Lemma gibbs_l1_le2 (h h' : A -> R) : \sum_a `|gibbs h' a - gibbs h a| <= 2.
Proof.
rewrite -[2]/(1 + 1) -{1}(gibbs_sum1 h') -(gibbs_sum1 h) -big_split /=.
apply: ler_sum => a _; apply: le_trans (ler_normB _ _) _.
by rewrite !ger0_norm // ltW // gibbs_gt0.
Qed.

Lemma gibbs_l1_le_expR (h h' : A -> R) (d : R) : (forall a, `|h' a - h a| <= d) ->
  \sum_a `|gibbs h' a - gibbs h a| <= 2 * (expR (d + d) - 1).
Proof.
move=> hd.
have hd' a : `|h a - h' a| <= d by rewrite distrC.
have d0 : 0 <= d.
  by case: (simplex_inhabited piref_simplex) => a; exact: le_trans (hd a).
set E := expR (d + d).
have E1 : 1 <= E by rewrite /E -expR0 ler_expR; lra.
have -> : 2 * (E - 1) = \sum_a (E - 1) * (gibbs h' a + gibbs h a).
  by rewrite -big_distrr big_split /= !gibbs_sum1 mulrC.
apply: ler_sum => a _.
have r1 := gibbs_ratio_le _ _ _ hd a; have r2 := gibbs_ratio_le _ _ _ hd' a.
have g1 := gibbs_gt0 h a; have g2 := gibbs_gt0 h' a.
rewrite -/E in r1 r2.
by rewrite ler_norml; apply/andP; split; nra.
Qed.

End Gibbs.

Section FTRL.
Variables (R : realType) (A : finType) (piref : A -> R) (eta : R) (Q : nat -> A -> R).
Hypotheses (piref_simplex : in_simplex piref) (piref_gt0 : forall a, 0 < piref a).
Hypotheses (eta_gt0 : 0 < eta) (Q_le1 : forall t, (1 <= t)%N -> forall a, `|Q t a| <= 1).

Definition cum_payoff (n : nat) (a : A) : R := \sum_(1 <= s < n.+1) Q s a.

Definition ftrl_logit (n : nat) (a : A) : R := eta / n%:R * cum_payoff n a.

Definition iterate (n : nat) : A -> R := pi_iter eta piref Q n.
Definition obj (t : nat) : (A -> R) -> R := reg_obj eta piref (Q t).
Arguments iterate : simpl never.
Arguments obj : simpl never.

Lemma cum_payoffS n a : cum_payoff n.+1 a = cum_payoff n a + Q n.+1 a.
Proof. by rewrite /cum_payoff big_nat_recr. Qed.

Lemma ftrl_logitS n a :
  ftrl_logit n.+1 a = n%:R / n.+1%:R * ftrl_logit n a + eta / n.+1%:R * Q n.+1 a.
Proof.
rewrite /ftrl_logit cum_payoffS; case: n => [|n].
  by rewrite /cum_payoff big_geq //; ring.
by field; rewrite !(addrC _ n%:R) natr1 -natrD !pnatr_eq0 addn2.
Qed.

Lemma iterate_gibbs n : iterate n = gibbs piref (ftrl_logit n).
Proof.
rewrite /iterate; elim: n => [|n IH] /=.
  rewrite -{1}(gibbs0 _ piref_simplex); congr gibbs; apply: funext => a.
  by rewrite /ftrl_logit /cum_payoff big_geq // mulr0.
rewrite IH mwu_step_gibbs //; congr gibbs; apply: funext => a.
by rewrite ftrl_logitS -[n.+1%:R]natr1 addrK.
Qed.

Lemma iterate_simplex n : in_simplex (iterate n).
Proof. by rewrite iterate_gibbs; exact: gibbs_simplex. Qed.

Lemma sum_obj n pi : \sum_(1 <= s < n.+1) obj s pi =
  inner pi (cum_payoff n) - n%:R * eta^-1 * KL pi piref.
Proof.
elim: n => [|n IH].
  rewrite big_geq // /inner big1 ?mul0r ?subr0 // => a _.
  by rewrite /cum_payoff big_geq // mulr0.
rewrite big_nat_recr //= IH /obj /reg_obj /inner mulrSr.
under [\sum_a pi a * cum_payoff n.+1 a]eq_bigr do rewrite cum_payoffS mulrDr.
rewrite big_split /=; ring.
Qed.

(* The cumulative objective is n / eta times the Gibbs variational functional
   of [ftrl_logit n]. *)
Lemma iterate_maximizes_sum_obj n pi : in_simplex pi ->
  \sum_(1 <= s < n.+1) obj s pi <= \sum_(1 <= s < n.+1) obj s (iterate n).
Proof.
move=> pi_simplex; case: n => [|n]; first by rewrite !big_geq.
have n0 : n.+1%:R != 0 :> R by rewrite pnatr_eq0.
have innerE x : inner x (cum_payoff n.+1) = n.+1%:R / eta * inner x (ftrl_logit n.+1).
  rewrite /inner /ftrl_logit big_distrr /=; apply: eq_bigr => a _.
  by field; rewrite addrC natr1 n0 gt_eqF.
rewrite !sum_obj !innerE iterate_gibbs -!mulrBr; apply: ler_wpM2l.
- by rewrite divr_ge0 ?ltW.
- exact: gibbs_maximizer.
Qed.

Lemma be_the_leader T :
  \sum_(1 <= t < T.+1) obj t (iterate T) <= \sum_(1 <= t < T.+1) obj t (iterate t).
Proof.
elim: T => [|T IH]; first by rewrite !big_geq.
rewrite big_nat_recr //= [leRHS]big_nat_recr //= lerD2r.
exact: le_trans (iterate_maximizes_sum_obj _ _ (iterate_simplex T.+1)) IH.
Qed.

Lemma sum_obj_increment T :
  \sum_(1 <= t < T.+1) (obj t (iterate t) - obj t (iterate t.-1)) =
  \sum_(1 <= t < T.+1) (inner (iterate t) (Q t) - inner (iterate t.-1) (Q t))
  - eta^-1 * KL (iterate T) piref.
Proof.
elim: T => [|T IH]; first by rewrite !big_geq // /iterate KL_self mulr0 subr0.
by rewrite big_nat_recr //= IH [in RHS]big_nat_recr //= /obj /reg_obj; ring.
Qed.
================
### [REQUIRED ACTION]
Start with the line above that contains "set E := expR (d + d)." and end with the line that contains "Variables (R : realType)". Write out those lines exactly, and only those.

### [SOLUTION]
set E := expR (d + d).
have E1 : 1 <= E by rewrite /E -expR0 ler_expR; lra.
have -> : 2 * (E - 1) = \sum_a (E - 1) * (gibbs h' a + gibbs h a).
  by rewrite -big_distrr big_split /= !gibbs_sum1 mulrC.
apply: ler_sum => a _.
have r1 := gibbs_ratio_le _ _ _ hd a; have r2 := gibbs_ratio_le _ _ _ hd' a.
have g1 := gibbs_gt0 h a; have g2 := gibbs_gt0 h' a.
rewrite -/E in r1 r2.
by rewrite ler_norml; apply/andP; split; nra.
Qed.

End Gibbs.

Section FTRL.
Variables (R : realType) (A : finType) (piref : A -> R) (eta : R) (Q : nat -> A -> R).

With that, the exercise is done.